PES 14
360, PS3, PCThere used to be a time when we could use the changing of the seasons to calculate the passing of time, but global warming ballsed that right up big time. Now, it's just as easy to do it by game releases. Sadly, the arrival of PES means that it won't be long until FIFA arrives. But is this annual PES update worth the wait on its own merits?
That kind of depends. The obvious difference between the two camps is moolah. Electronic Art's FIFA flaunts its stadium filled with cash for all the world to see, as it owns every other license under the sun. This means that you will not find the Premier league, or any other decent league around the world for that matter, in a PES game. Ever. This results in you playing as a made up named character in a pretend team in a made up league. If you can look past this omission, fair enough. But even though it may look fairly superficial, gamers really do want to play as their favourite team and players.
But if you were Konami, you would look at other ways of looking attractive. With their current interface though, they fail miserably. FIFA is like is like the most glorious operating system, that's just a breeze to use. By comparison, PES 14 looks like the kind of BASIC you used to type into the computers in Dixons on your way home from school. Naff. Everything about it is clunky and blocky. Just looking at it can scratch your eyes.

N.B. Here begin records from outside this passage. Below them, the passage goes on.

(* Let $x_0\in\mathbb{R}^2$, $r_0>0$, and let $K$ be a relatively closed subset of $B(x_0,r_0)$ containing $x_0$. If $K$ separates $B(x_0,r_0)$, then $\beta^{\rm bil}_K(x_0,r_0)\le4\beta_K(x_0,r_0)$.
   Context: $B(x,r)$ is the open ball. Flatness: $\beta_K(x_0,r_0)=r_0^{-1}\inf_\ell\sup_{y\in K\cap B(x_0,r_0)}\mathrm{dist}(y,\ell)$, infimum over lines $\ell$ through $x_0$ (attained); $\nu(x_0,r_0)$ is a unit normal of a chosen minimizing line, and $D^\pm_t(x_0,r_0)=\{x\in B(x_0,r_0):\pm(x-x_0)\cdot\nu(x_0,r_0)>t\}$. Bilateral flatness: $\beta^{\rm bil}_K(x_0,r_0)=r_0^{-1}\inf_\ell\max\{\sup_{y\in K\cap B(x_0,r_0)}\mathrm{dist}(y,\ell),\sup_{y\in\ell\cap B(x_0,r_0)}\mathrm{dist}(y,K)\}$, infimum over lines through $x_0$. $K$ separates $B(x_0,r_0)$ if $\beta:=\beta_K(x_0,r_0)\le1/2$ and $D^+_{\beta r_0}(x_0,r_0)$, $D^-_{\beta r_0}(x_0,r_0)$ lie in distinct connected components of $B(x_0,r_0)\setminus K$. *)

(* R : realType, points of the plane are pairs R * R
   (product topology = Euclidean topology). *)
From mathcomp Require Import all_boot all_order all_algebra.
From mathcomp Require Import all_classical all_reals all_analysis.
Set Implicit Arguments. Unset Strict Implicit. Unset Printing Implicit Defensive.
Import Order.TTheory GRing.Theory Num.Theory.
Import numFieldNormedType.Exports.
Local Open Scope classical_set_scope.
Local Open Scope ring_scope.

Section Flatness.
Variable R : realType.
Implicit Types (x y z u : R * R) (K A : set (R * R)) (t : R).

Definition edist x y : R := Num.sqrt ((x.1 - y.1) ^+ 2 + (x.2 - y.2) ^+ 2).
Definition oball x (r0 : R) : set (R * R) := [set y | edist x y < r0].
Definition setdist y A : R := inf [set edist y z | z in A].
Definition unitv u : Prop := u.1 ^+ 2 + u.2 ^+ 2 = 1.
Definition line (x0 : R * R) u : set (R * R) :=
  [set (x0.1 + t * u.1, x0.2 + t * u.2) | t in [set: R]].
Definition normalv u : R * R := (- u.2, u.1).
Definition dotp x y : R := x.1 * y.1 + x.2 * y.2.

Definition flat_width K (x0 : R * R) (r0 : R) u : R :=
  sup [set setdist y (line x0 u) | y in K `&` oball x0 r0].
Definition beta K (x0 : R * R) (r0 : R) : R :=
  inf [set flat_width K x0 r0 u / r0 | u in unitv].
Definition bil_width K (x0 : R * R) (r0 : R) u : R :=
  Num.max (flat_width K x0 r0 u)
          (sup [set setdist y K | y in line x0 u `&` oball x0 r0]).
Definition beta_bil K (x0 : R * R) (r0 : R) : R :=
  inf [set bil_width K x0 r0 u / r0 | u in unitv].

Definition Dplus (x0 : R * R) (r0 : R) u t : set (R * R) :=
  [set x | oball x0 r0 x /\
     dotp (x.1 - x0.1, x.2 - x0.2) (normalv u) > t].
Definition Dminus (x0 : R * R) (r0 : R) u t : set (R * R) :=
  [set x | oball x0 r0 x /\
     - dotp (x.1 - x0.1, x.2 - x0.2) (normalv u) > t].

Definition separates_wrt K (x0 : R * R) (r0 : R) u : Prop :=
  [/\ unitv u,
      flat_width K x0 r0 u / r0 = beta K x0 r0,
      beta K x0 r0 <= 1 / 2 &
      forall x y, Dplus x0 r0 u (beta K x0 r0 * r0) x ->
                  Dminus x0 r0 u (beta K x0 r0 * r0) y ->
        ~ @connected_component (R * R)%type (oball x0 r0 `\` K) x y].

End Flatness.

(* Let h = beta r0 be the width of the strip around the minimizing line
   x0 + R u.  Take y = x0 + s u on the line inside the ball and t in (h, r0/4).
   Moving y along the line by at most 2t gives a point c whose normal segment
   of half-length t stays in the ball; its ends lie in D^+_h and D^-_h, so by
   separation the segment meets K, within distance sqrt 5 t <= 3t of y.
   Letting t decrease to h gives dist(y, K) <= 3h; if instead r0 <= 4h, then
   x0 in K already gives dist(y, K) < r0. *)

From Pilot Require Import Defs.
From mathcomp Require Import all_boot all_order all_algebra.
From mathcomp Require Import all_classical all_reals all_analysis.
From mathcomp Require Import ring lra.
Import Order.TTheory GRing.Theory Num.Theory.
Import numFieldNormedType.Exports.
Local Open Scope classical_set_scope.
Local Open Scope ring_scope.
Set Implicit Arguments. Unset Strict Implicit. Unset Printing Implicit Defensive.

Section RealFacts.
Variable R : realType.

Lemma sqrtr_ltr (a r : R) : 0 < r -> (Num.sqrt a < r) = (a < r ^+ 2).
Proof. by move=> r_gt0; rewrite -[in RHS]ltr_sqrt ?exprn_gt0 // sqrtr_sqr gtr0_norm. Qed.

Lemma sqrtr_ler (a r : R) : 0 <= r -> (Num.sqrt a <= r) = (a <= r ^+ 2).
Proof. by move=> r_ge0; rewrite -[in RHS]ler_sqrt ?exprn_ge0 // sqrtr_sqr ger0_norm. Qed.

Lemma sup_ge0 (E : set R) : (forall x, E x -> 0 <= x) -> 0 <= sup E.
Proof.
move=> E_ge0; have [[x Ex]|/nonemptyPn E0] := pselect (E !=set0); last by rewrite E0 sup0.
have [supE|nosupE] := pselect (has_sup E); last by rewrite sup_out.
exact: le_trans (E_ge0 _ Ex) (sup_upper_bound supE Ex).
Qed.

Lemma inf_ge0 (E : set R) : (forall x, E x -> 0 <= x) -> 0 <= inf E.
Proof.
move=> E_ge0; have [E_neq0|/nonemptyPn E0] := pselect (E !=set0); last by rewrite E0 inf0.
exact: lb_le_inf.
Qed.

Lemma inf_le_ge0 (E : set R) x : (forall y, E y -> 0 <= y) -> E x -> inf E <= x.
Proof. by move=> E_ge0 Ex; apply: ge_inf => //; exists 0. Qed.

Lemma le_mul_of_between (a b c x : R) : a < b -> 0 < c ->
  (forall t, a < t -> t < b -> x <= c * t) -> x <= c * a.
Proof.
move=> ab c_gt0 xle; apply/ler_addgt0Pr => e e_gt0.
pose t := Num.min (a + e / c) ((a + b) / 2).
have a_lt_t : a < t by rewrite lt_min ltrDl divr_gt0 //=; lra.
have t_lt_b : t < b by rewrite gt_min; apply/orP; right; lra.
apply: le_trans (xle t a_lt_t t_lt_b) _.
rewrite -ler_pdivlMl // ge_min; apply/orP; left.
by rewrite ler_pdivlMl // mulrDr mulrCA divff ?mulr1 // gt_eqF.
Qed.

Lemma shift_inside_disk (s t r : R) : s ^+ 2 < r ^+ 2 -> 0 < t -> 4 * t < r ->
  exists2 c, `|s - c| <= 2 * t & c ^+ 2 + t ^+ 2 < r ^+ 2.
Proof.
move=> s_in t_gt0 t_small.
have [inside|outside] := ltP (s ^+ 2 + t ^+ 2) (r ^+ 2).
  by exists s; rewrite ?subrr ?normr0 //; lra.
have [s_ge0|s_lt0] := leP 0 s.
  exists (s - 2 * t); first by rewrite opprB addrCA subrr addr0 ger0_norm; lra.
  have : 5 * t <= 4 * s by nra.
  nra.
exists (s + 2 * t); first by rewrite opprD addrA subrr add0r normrN ger0_norm; lra.
have : 5 * t <= - 4 * s by nra.
nra.
Qed.

End RealFacts.

Section Frame.
Variables (R : realType) (x0 u : R * R).

Definition frame (s tau : R) : R * R :=
  (x0.1 + s * u.1 - tau * u.2, x0.2 + s * u.2 + tau * u.1).

Lemma frame00 : frame 0 0 = x0.
Proof. by rewrite /frame !mul0r !subr0 !addr0 -surjective_pairing. Qed.

Lemma lineE : line x0 u = [set frame s 0 | s in [set: R]].
Proof.
by rewrite /line; congr (_ @` _); apply/funext => s; rewrite /frame !mul0r subr0 addr0.
Qed.

Lemma continuous_frame s : continuous (frame s).
Proof.
move=> tau; apply: (@cvg_pair _ _ _ _ (nbhs (_ : R)) (nbhs (_ : R))) => /=.
  by apply: cvgB; [exact: cvg_cst | apply: cvgMl; exact: cvg_id].
by apply: cvgD; [exact: cvg_cst | apply: cvgMl; exact: cvg_id].
Qed.

Hypothesis u_unit : unitv u.

Lemma edist_frame s tau s' tau' :
  Defs.edist (frame s tau) (frame s' tau') = Num.sqrt ((s - s') ^+ 2 + (tau - tau') ^+ 2).
Proof.
rewrite /Defs.edist /frame /=; congr Num.sqrt; move: u_unit; rewrite /unitv => u1.
rewrite -[RHS]mulr1 -u1; ring.
Qed.

Lemma oball_frame r : 0 < r -> forall s tau,
  oball x0 r (frame s tau) <-> s ^+ 2 + tau ^+ 2 < r ^+ 2.
Proof.
by move=> r_gt0 s tau; rewrite /oball -{1}frame00 /= edist_frame sqrtr_ltr // !sub0r !sqrrN.
Qed.

Lemma dotp_frame_normal s tau :
  dotp ((frame s tau).1 - x0.1, (frame s tau).2 - x0.2) (normalv u) = tau.
Proof.
rewrite /dotp /normalv /frame /=; move: u_unit; rewrite /unitv => u1.
rewrite -[RHS]mulr1 -u1; ring.
Qed.

End Frame.

Section Widths.
Variable R : realType.
Implicit Types (y z v : R * R) (A K : set (R * R)).

Lemma setdist_ge0 y A : 0 <= setdist y A.
Proof. by apply: inf_ge0 => _ [z _ <-]; exact: sqrtr_ge0. Qed.

Lemma setdist_le y z A : A z -> setdist y A <= Defs.edist y z.
Proof.
move=> Az; rewrite /setdist; apply: inf_le_ge0; last by exists z.
by move=> _ [w _ <-]; exact: sqrtr_ge0.
Qed.

Lemma flat_width_ge0 K (x0 : R * R) (r0 : R) v : 0 <= flat_width K x0 r0 v.
Proof. by apply: sup_ge0 => _ [y _ <-]; exact: setdist_ge0. Qed.

Lemma bil_width_ge0 K (x0 : R * R) (r0 : R) v : 0 <= bil_width K x0 r0 v.
Proof. by rewrite /bil_width le_max flat_width_ge0. Qed.

Lemma beta_bil_le K (x0 : R * R) (r0 : R) v : 0 < r0 -> unitv v ->
  beta_bil K x0 r0 <= bil_width K x0 r0 v / r0.
Proof.
move=> r0_gt0 v_unit; apply: inf_le_ge0; last by exists v.
by move=> _ [w _ <-]; rewrite divr_ge0 ?bil_width_ge0 ?ltW.
Qed.

End Widths.

Section Separation.
Variables (R : realType) (x0 u : R * R) (r0 : R) (K : set (R * R)).
Hypotheses (r0_gt0 : 0 < r0) (K_sep : separates_wrt K x0 r0 u).

Local Notation h := (beta K x0 r0 * r0).

Let u_unit : unitv u. Proof. by case: K_sep. Qed.

Lemma flat_width_separatesE : flat_width K x0 r0 u = h.
Proof. by case: K_sep => _ <- _ _; rewrite divfK ?gt_eqF. Qed.

Let h_ge0 : 0 <= h.
Proof. by rewrite -flat_width_separatesE flat_width_ge0. Qed.

Lemma normal_segment_meets s t : 0 <= t -> h < t ->
  s ^+ 2 + t ^+ 2 < r0 ^+ 2 -> exists2 tau, `|tau| <= t & K (frame x0 u s tau).
Proof.
move=> t_ge0 t_gt_width st_in; have [_ _ _ sep] := K_sep.
have segment_ball tau : `|tau| <= t -> oball x0 r0 (frame x0 u s tau).
  rewrite ler_norml => /andP[tau_ge tau_le].
  by apply/oball_frame => //; nra.
apply: contrapT => segment_avoids_K.
pose C := frame x0 u s @` `[- t, t].
have C_sub : C `<=` oball x0 r0 `\` K.
  move=> _ [tau + <-]; rewrite /= in_itv /= -ler_norml => tau_le.
  by split; [exact: segment_ball | move=> Ktau; apply: segment_avoids_K; exists tau].
have C_connected : connected C.
  apply: connected_continuous_connected.
    by apply/connected_intervalP; exact: interval_is_interval.
  exact/continuous_subspaceT/continuous_frame.
apply: (sep (frame x0 u s t) (frame x0 u s (- t))).
- split; first by apply: segment_ball; rewrite ger0_norm.
  by rewrite (dotp_frame_normal _ u_unit).
- split; first by apply: segment_ball; rewrite normrN ger0_norm.
  by rewrite (dotp_frame_normal _ u_unit) opprK.
exists C; last by exists (- t) => //=; rewrite in_itv /= lexx /=; lra.
split => //; exists t => //=; rewrite in_itv /= lexx andbT; lra.
Qed.

Lemma setdist_frame_le s t : h < t -> 4 * t < r0 ->
  s ^+ 2 < r0 ^+ 2 -> setdist (frame x0 u s 0) K <= 3 * t.
Proof.
move=> t_gt_width t_small s_in.
have t_gt0 : 0 < t := le_lt_trans h_ge0 t_gt_width.
have [c s_near_c ct_in] := shift_inside_disk s_in t_gt0 t_small.
have [tau tau_le Ktau] := normal_segment_meets (ltW t_gt0) t_gt_width ct_in.
apply: le_trans (setdist_le _ Ktau) _.
rewrite edist_frame // sqrtr_ler ?sub0r ?sqrrN; last lra.
move: s_near_c tau_le; rewrite !ler_norml => /andP[? ?] /andP[? ?]; nra.
Qed.

Lemma setdist_line_le y : K x0 -> (line x0 u `&` oball x0 r0) y ->
  setdist y K <= 4 * h.
Proof.
move=> Kx0 []; rewrite lineE => -[s _ <-] /(oball_frame _ u_unit r0_gt0).
rewrite expr0n addr0 /= => s_in.
have [r0_le|r0_gt] := leP r0 (4 * h).
  apply: le_trans (setdist_le _ Kx0) (le_trans _ r0_le).
  by rewrite -{2}(frame00 x0 u) edist_frame // subr0 subrr expr0n addr0 sqrtr_ler ?ltW.
apply: le_trans (_ : _ <= 3 * h) _; first last.
  by rewrite ler_wpM2r // ler_nat.
apply: (@le_mul_of_between _ _ (r0 / 4)) => //; first lra.
by move=> t t_gt t_lt; apply: setdist_frame_le => //; lra.
Qed.

Lemma bil_width_le : K x0 -> bil_width K x0 r0 u <= 4 * h.
Proof.
move=> Kx0; rewrite /bil_width ge_max flat_width_separatesE.
apply/andP; split.
  by rewrite ler_peMl ?lerDl.
apply: ge_sup; last by move=> _ [y y_in <-]; exact: setdist_line_le.
exists (setdist x0 K), x0 => //; split.
  by rewrite lineE; exists 0 => //; rewrite frame00.
by rewrite -{2}(frame00 x0 u) (oball_frame _ u_unit r0_gt0) expr0n addr0 exprn_gt0.
Qed.

End Separation.

Theorem lemma4p2 (R : realType) (x0 : R * R) (r0 : R) (K : set (R * R))
  (u : R * R) :
  0 < r0 ->
  K `<=` oball x0 r0 ->
  (exists F : set (R * R), closed F /\ K = F `&` oball x0 r0) ->
  K x0 ->
  separates_wrt K x0 r0 u ->
  beta_bil K x0 r0 <= 4 * beta K x0 r0.
Proof.
move=> r0_gt0 _ _ Kx0 K_sep; have [u_unit _ _ _] := K_sep.
apply: le_trans (beta_bil_le K x0 r0_gt0 u_unit) _.
by rewrite ler_pdivrMr // -mulrA bil_width_le.
Qed.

Getting involved in the Master League is a slightly unnerving experience. Getting to grips with it is no easy matter; it lacks any kind of fluidity, and even its wording is unfriendly. There is some kind of transfer window available, but as the players you can buy are, for the most part, fictional, there's no real sense of achievement of signing a nobody to your team, which doesn't help either.
Even getting to know the control system is like learning another language. If it wasn't for the handy tips that flash up during loading periods, it would really be a chore to completely understand. And because the action buttons are different to those used in FIFA, it's a real struggle to pick up and play. It's akin to pleasuring yourself with your other hand; you like to think you know what you're doing, but you know in your head it just doesn't feel right.
EA own so much of the FIFA license that PES aren't even allowed to let it rain in their game. It's a surprise then that they get to enjoy kicking around ball around a rectangular pitch; who knows, that might not last for long either.
And yet you have to admire Konami's tenacity. With EA having such a stranglehold with FIFA, there seems little point in offering any kind of competition, and yet Konami do, for better or worse. OK, mostly worse. But that's not to say they won't get it right one day.
Even if you take the whole licensing problem to one side, PES doesn't do itself any favour by looking so pug ugly. If you're willing to overlook not only its ugliness, and many of its other quirks (the fictional names that constantly float above the players heads annoyingly, for instance), it offers a decent representation of the physical aspects of the beautiful game. But with the instant pick up and play appeal of FIFA, PES once again feels too far off the pace to ever be considered a serious contender for football's champion game.